Let me put this into a historical context by quoting from two biologists who confronted the nature of biological variation. The first is Sewell Wright, who may be known to many of you. He was a distinguished evolutionary biologist who, following on from Darwin, talked about the nature of adaptation and in particular the notion of an adaptive landscape. Here is what Wright pointed out in the 1930s, which I think is very telling in terms of the story I want to paint today (Wright 1932). He says that the older writers on evolution were often staggered by the seeming necessity of accounting for the evolution of fine details. He then adds that structure is never inherited as such, but merely types of structure under particular conditions. Now, at the time Wright was discussing these matters, there were major revolutions afoot in genetics and molecular biology. If we fast-forward the story to today, here is an almost verbatim quote from Mark Kirschner, a systems biologist who makes very much the same point but takes it a little bit further and takes it in a direction that will hopefully have great appeal especially to the linguists in the audience who are interested in certain kinds of structural properties. In essence, Kirschner (Kirschner and Gerhart 2005) says that novelty in the organism's physiology, anatomy, or behavior arises mostly by the use of conserved processes in new combinations at different times, in different places and amounts, rather than by the invention of new processes. This is very much in line with some of the things that Gabby Dover says in his contribution here (see
Chapter 6
). Kirschner stresses that, in the 4–5 billion years of cellular life on Earth, there have been four core processes
leading to variation: rearrangement, repetition, magnification, and division. For those of you who have been tracking what has been happening in the minimalist program, you will see a kind of family resemblance to these four core processes.
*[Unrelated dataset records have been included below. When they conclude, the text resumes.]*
Lemma starf_seq_witness (l : seq K) : (forall x, x \in l -> star_f D st I x) ->
  exists m, [/\ forall y, y \in m -> I y, b \in m & forall x, x \in l -> st (rspan D m) x].
Proof.
elim: l => [|x l IH] lI.
  by exists [:: b]; split; rewrite ?mem_head // => y; rewrite inE => /eqP ->.
have [m [mI bm lm]] : exists m, [/\ forall y, y \in m -> I y, b \in m
    & forall x, x \in l -> st (rspan D m) x].
  by apply: IH => y yl; apply: lI; rewrite inE yl orbT.
have [F [hF FI Fx]] := lI x (mem_head _ _).
have [s Fs] := ffgE hF.
have sI : forall y, y \in s -> I y by move=> y ys; apply: FI; rewrite Fs; exact: rspan_mem.
have hsm : Fbar D (rspan D (s ++ m)) by apply: (rspan_Fbar hD _ b0); rewrite mem_cat bm orbT.
have rspan_cat r : (forall u, u \in r -> u \in s ++ m) -> ssub (rspan D r) (rspan D (s ++ m)).
  by move=> rsm; apply: rspan_min; [exact: rspan_submod|move=> u /rsm; exact: rspan_mem].
exists (s ++ m); split; first by move=> y; rewrite mem_cat => /orP [/sI|/mI].
  by rewrite mem_cat bm orbT.
move=> y; rewrite inE => /orP [/eqP ->|yl].
  apply: (semistar_mono (proj1 hF) hsm) Fx; rewrite Fs.
  by apply: rspan_cat => u us; rewrite mem_cat us.
apply: (semistar_mono (rspan_Fbar hD bm b0) hsm) (lm y yl).
by apply: rspan_cat => u um; rewrite mem_cat um orbT.
Qed.

Lemma starf_seq (l : seq K) : (forall x, x \in l -> star_f D st I x) ->
  exists F, [/\ ffg D F, ssub F I & forall x, x \in l -> st F x].
Proof.
move=> /starf_seq_witness [m [mI bm lm]]; exists (rspan D m); split=> //.
  exact: rspan_ffg bm b0.
by apply: rspan_min => //; case: hI.
Qed.

Lemma starf_ext : ssub I (star_f D st I).
Proof.
move=> w Iw; have bwb : b \in [:: w; b] by rewrite !inE eqxx orbT.
exists (rspan D [:: w; b]); split; first exact: rspan_ffg bwb b0.
  by apply: rspan_min; [case: hI|move=> y; rewrite !inE => /orP [/eqP ->|/eqP ->]].
by apply: (semistar_ext (rspan_Fbar hD bwb b0)); exact/rspan_mem/mem_head.
Qed.

Lemma starf_submod : submod D (star_f D st I).
Proof.
have starf_pair x y : star_f D st I x -> star_f D st I y ->
    exists F, [/\ ffg D F, ssub F I, st F x & st F y].
  move=> Ix Iy; have [F [hF FI Fxy]] : exists F, [/\ ffg D F, ssub F I
      & forall u, u \in [:: x; y] -> st F u].
    by apply: starf_seq => u; rewrite !inE => /orP [/eqP ->|/eqP ->].
  by exists F; split=> //; apply: Fxy; rewrite !inE eqxx ?orbT.
split.
- by apply: starf_ext; case: hI => _ [].
- move=> x y Ix Iy; have [G [hG GI Gx Gy]] := starf_pair x y Ix Iy.
  by exists G; split=> //; case: (semistar_submod (proj1 hG)) => _ + _; apply.
- move=> r x Dr [G [hG GI Gx]]; exists G; split=> //.
  by case: (semistar_submod (proj1 hG)) => _ _; apply.
Qed.

Lemma starf_idem : ssub (star_f D st (star_f D st I)) (star_f D st I).
Proof.
move=> z [F [hF FI Fz]]; have [s Fs] := ffgE hF.
have [G [hG GI sG]] := starf_seq (l := s) (fun x xs => FI x ltac:(by rewrite Fs; exact: rspan_mem)).
have hstG := semistar_Fbar (proj1 hG).
exists G; split=> //; apply: (semistar_idem (proj1 hG)).
apply: (semistar_mono (proj1 hF) hstG) Fz; rewrite Fs.
exact: rspan_min (semistar_submod (proj1 hG)) sG.
Qed.

End NonzeroIdeal.
End StarClosure.

Lemma total_bigcup_seq (T : eqType) (C : set (set T)) (l : seq T) :
  (exists X, C X) -> total_on C subset ->
  (forall x, x \in l -> (\bigcup_(X in C) X)%classic x) ->
  exists2 X, C X & forall x, x \in l -> X x.
Proof.
move=> [X0 CX0] Ctot; elim: l => [|x l IH] lC; first by exists X0.
have [X CX lX] : exists2 X, C X & forall y, y \in l -> X y.
  by apply: IH => y yl; apply: lC; rewrite inE yl orbT.
have [Y CY Yx] := lC x (mem_head _ _).
have [XY|YX] := Ctot X Y CX CY.
- by exists Y => // y; rewrite inE => /orP [/eqP ->|/lX/XY].
- by exists X => // y; rewrite inE => /orP [/eqP ->|/lX]; [exact: YX|].
Qed.

Section MaximalIdeal.
Local Open Scope classical_set_scope.
Variables (K : fieldType) (D : K -> Prop) (st : (K -> Prop) -> (K -> Prop)).

Definition star_proper_over (J I : K -> Prop) :=
  [/\ ideal D I, ssub J I & ~ star_f D st I 1].

Variables (J : K -> Prop).
Hypotheses (hD : subring D) (hJ : star_proper_over J J).

Lemma star_proper_over_of_cover U : ssub J U ->
  (forall l : seq K, (forall x, x \in l -> U x) ->
     exists W, [/\ star_proper_over J W, ssub W U & forall x, x \in l -> W x]) ->
  star_proper_over J U.
Proof.
move=> JU cover.
have cover1 x : U x -> exists W, [/\ star_proper_over J W, ssub W U & W x].
  move=> Ux; have [|W [hW WU lW]] := cover [:: x]; first by move=> y; rewrite inE => /eqP ->.
  by exists W; split=> //; apply: lW; rewrite mem_head.
split=> //; first split; first by move=> x /cover1 [W [[[WD _] _ _] _ Wx]]; exact: WD.
- split; first by apply: JU; case: hJ => [[_ []]].
  + move=> x y Ux Uy; have [|W [[[_ [_ WD _]] _ _] WU lW]] := cover [:: x; y].
      by move=> u; rewrite !inE => /orP [/eqP ->|/eqP ->].
    by apply/WU/WD; apply: lW; rewrite !inE eqxx ?orbT.
  + move=> r x Dr /cover1 [W [[[_ [_ _ WM]] _ _] WU Wx]]; exact/WU/WM.
- move=> [F [hF FU F1]]; have [s Fs] := ffgE hF.
  have [|W [[[_ hW] _ W1] WU sW]] := cover s.
    by move=> x xs; apply: FU; rewrite Fs; exact: rspan_mem.
  by apply: W1; exists F; split=> //; rewrite Fs; exact: rspan_min.
Qed.

(* Zorn_bigcup must also handle the empty chain, hence the union with J. *)
Lemma maximal_star_proper_over :
  exists M, star_proper_over J M /\
    forall I, star_proper_over J I -> ssub M I -> ssub I M.
Proof.
pose P X := star_proper_over J (J `|` X).
have chain Fm : Fm `<=` P -> total_on Fm subset -> P (\bigcup_(X in Fm) X).
  move=> FmP Fmtot; apply: star_proper_over_of_cover; first exact: subsetUl.
  move=> l lU; pose C := [set J `|` X | X in [set set0] `|` Fm].
  have C0 : exists W, C W by exists (J `|` set0), set0; [left|].
  have Ctot : total_on C subset.
    move=> _ _ [X FmX <-] [Y FmY <-].
    have [XY|YX] : X `<=` Y \/ Y `<=` X.
      case: FmX FmY => [-> _|FmX [-> |]]; [by left|by right|exact: Fmtot].
    + by left; apply: setUS.
    + by right; apply: setUS.
  have lC : forall x, x \in l -> (\bigcup_(W in C) W) x.
    move=> x /lU [Jx|[X FmX Xx]]; first by exists (J `|` set0); [exists set0; [left|]|left].
    by exists (J `|` X); [exists X; [right|]|right].
  have [W [X FmX <-] lW] := total_bigcup_seq C0 Ctot lC.
  exists (J `|` X); split=> //; last by apply: setUS; case: FmX => [->|FmX] //; exact: bigcup_sup.
  by case: FmX => [->|/FmP]; rewrite ?setU0.
have [A [PA Amax]] := Zorn_bigcup chain.
exists (J `|` A); split=> // I PI MI; apply: contrapT => IM.
apply: (Amax I); last by rewrite /P setUidr //; case: PI.
split; first by move=> x Ax; apply/MI; right.
by move=> IA; apply: IM => x /IA; right.
Qed.

End MaximalIdeal.

Section MaximalQuasiPrime.
Variables (K : fieldType) (D : K -> Prop) (st : (K -> Prop) -> (K -> Prop)).
Hypotheses (hD : subring D) (hst : semistar D st).
Variables (M : K -> Prop) (b : K).
Hypotheses (hM : ideal D M) (Mb : M b) (b0 : b != 0) (M1 : ~ star_f D st M 1)
  (Mmax : forall I, ideal D I -> ssub M I -> ~ star_f D st I 1 -> ssub I M).

Lemma maximal_starf_closed : ssub (fun w => star_f D st M w /\ D w) M.
Proof.
have [MD _] := hM.
apply: Mmax => [||[F [hF FM F1]]].
- have [S0 SD SM] := starf_submod hD hst hM Mb b0.
  split; first by move=> w [].
  split; first by split; [exact: S0|exact: subring0].
  + by move=> x y [Sx Dx] [Sy Dy]; split; [exact: SD|exact: subringD].
  + by move=> r x Dr [Sx Dx]; split; [exact: SM|exact: subringM].
- by move=> w Mw; split; [apply: (starf_ext hD hst hM Mb b0)|exact: MD].
- by apply: M1; apply: (starf_idem hD hst hM Mb b0); exists F; split=> // w /FM [].
Qed.

Lemma maximal_starf_prime a c : D a -> D c -> M (a * c) -> M a \/ M c.
Proof.
move=> Da Dc Mac; apply: contrapT => /not_orP [Ma Mc].
have [MD [M0 _ MM]] := hM.
have a0 : a != 0 by apply/eqP => a0; apply: Ma; rewrite a0.
have hC := conductor_ideal a hD (proj2 hM).
have MC : ssub M (conductor D M a) by move=> w Mw; split; [exact: MD|rewrite mulrC; exact: MM].
have [F [hF FC F1]] : star_f D st (conductor D M a) 1.
  by apply: contrapT => C1; apply: Mc; apply: (Mmax hC MC C1); split; rewrite 1?mulrC.
apply: Ma; apply: maximal_starf_closed; split=> //.
exists (scale a F); split; first exact: scale_ffg.
  by move=> _ [e [Fe ->]]; rewrite mulrC; case: (FC e Fe).
by have := semistar_scale_mem hst a0 (proj1 hF) F1; rewrite mulr1.
Qed.

Lemma quasi_prime_of_maximal : quasi_prime D (star_f D st) M.
Proof.
have [MD _] := hM; have Mst := starf_ext hD hst hM Mb b0.
split; [split=> //; first by exists b|by move/Mst|exact: maximal_starf_prime].
by move=> w; split=> [|Mw]; [exact: maximal_starf_closed|split; [exact: Mst|exact: MD]].
Qed.

End MaximalQuasiPrime.

Lemma quasi_prime_over (K : fieldType) (D J : K -> Prop) st b :
  subring D -> semistar D st -> ideal D J -> J b -> b != 0 -> ~ star_f D st J 1 ->
  exists2 P, quasi_prime D (star_f D st) P & ssub J P.
Proof.
move=> hD hst hJ Jb b0 J1.
have [M [[hM JM M1] Mmax]] := maximal_star_proper_over hD (And3 hJ (fun _ Jx => Jx) J1).
exists M => //; apply: (quasi_prime_of_maximal hD hst hM (JM b Jb) b0 M1) => I hI MI I1.
by apply: Mmax => //; split=> // x /JM /MI.
Qed.

Lemma prodmod_locT_denom (K : fieldType) (D T P : K -> Prop) z :
  subring D -> subring T -> ssub D T -> P 0 -> ~ P 1 ->
  (forall a c, D a -> D c -> P (a * c) -> P a \/ P c) ->
  prodmod (locT D T P) T z -> exists s, [/\ D s, ~ P s & T (s * z)].
Proof.
move=> hD hT DT P0 P1 Pprime [n [a [c [La Tc ->]]]].
apply: (big_ind (fun w => exists s, [/\ D s, ~ P s & T (s * w)])).
- by exists 1; split; [exact: subring1|done|rewrite mulr0; exact: subring0].
- move=> w1 w2 [s1 [D1 P1' T1]] [s2 [D2 P2 T2]].
  exists (s1 * s2); split; [exact: subringM|by case/Pprime|].
  rewrite (_ : _ * _ = s2 * (s1 * w1) + s1 * (s2 * w2)); last by ring.
  by apply: (subringD hT); apply: (subringM hT) => //; exact: DT.
- move=> i _; have [t [s [Tt Ds Ps ->]]] := La i.
  have s0 : s != 0 by apply/eqP => s0; apply: Ps; rewrite s0.
  exists s; split=> //; rewrite (_ : _ * _ = t * c i); last by field.
  exact: subringM hT _ _.
Qed.

Lemma subset_ell (K : fieldType) (D T : K -> Prop) st :
  subring D -> subring T -> ssub T (ell D T st T).
Proof.
move=> hD hT z Tz P [_ P1 _]; exists 1%N, (fun _ => 1), (fun _ => z); split=> //.
  by move=> _; exists 1, 1; split; [exact: subring1|exact: subring1|done|rewrite divr1].
by rewrite big_ord1 mul1r.
Qed.

Section Linked.
Variables (K : fieldType) (D T : K -> Prop) (st st' : (K -> Prop) -> (K -> Prop)).
Hypotheses (hD : subring D) (hT : subring T) (DT : ssub D T)
  (hst : semistar D st) (hst' : semistar T st') (stT : seteq (st' T) T)
  (link : linked D T st st').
The idea that I want to push today – a project that Noam and I have been working on a bit over the last year or so, but that I will take full responsibility for in terms of errors – is to invoke three principles that extend the minimalist program in linguistics to the mind and other domains of knowledge more generally. The first is that any time we observe an open-ended, limitlessly expressive, powerful system, it will be based on a fixed set of principles or mechanisms for generating the observed variation – that is, some kind of generative, combinatorial system. Secondly, these generative mechanisms must in some sense interface with system-internal and -external processes, with nature potentially finding the optimal solution given the current conditions. This allows for lots of accidental variation that happened before, but I will talk specifically about how it allows solutions to the current conditions. And then lastly, each variant we observe will be determined by some kind of process of pruning, where the local experience tunes up the biologically given options.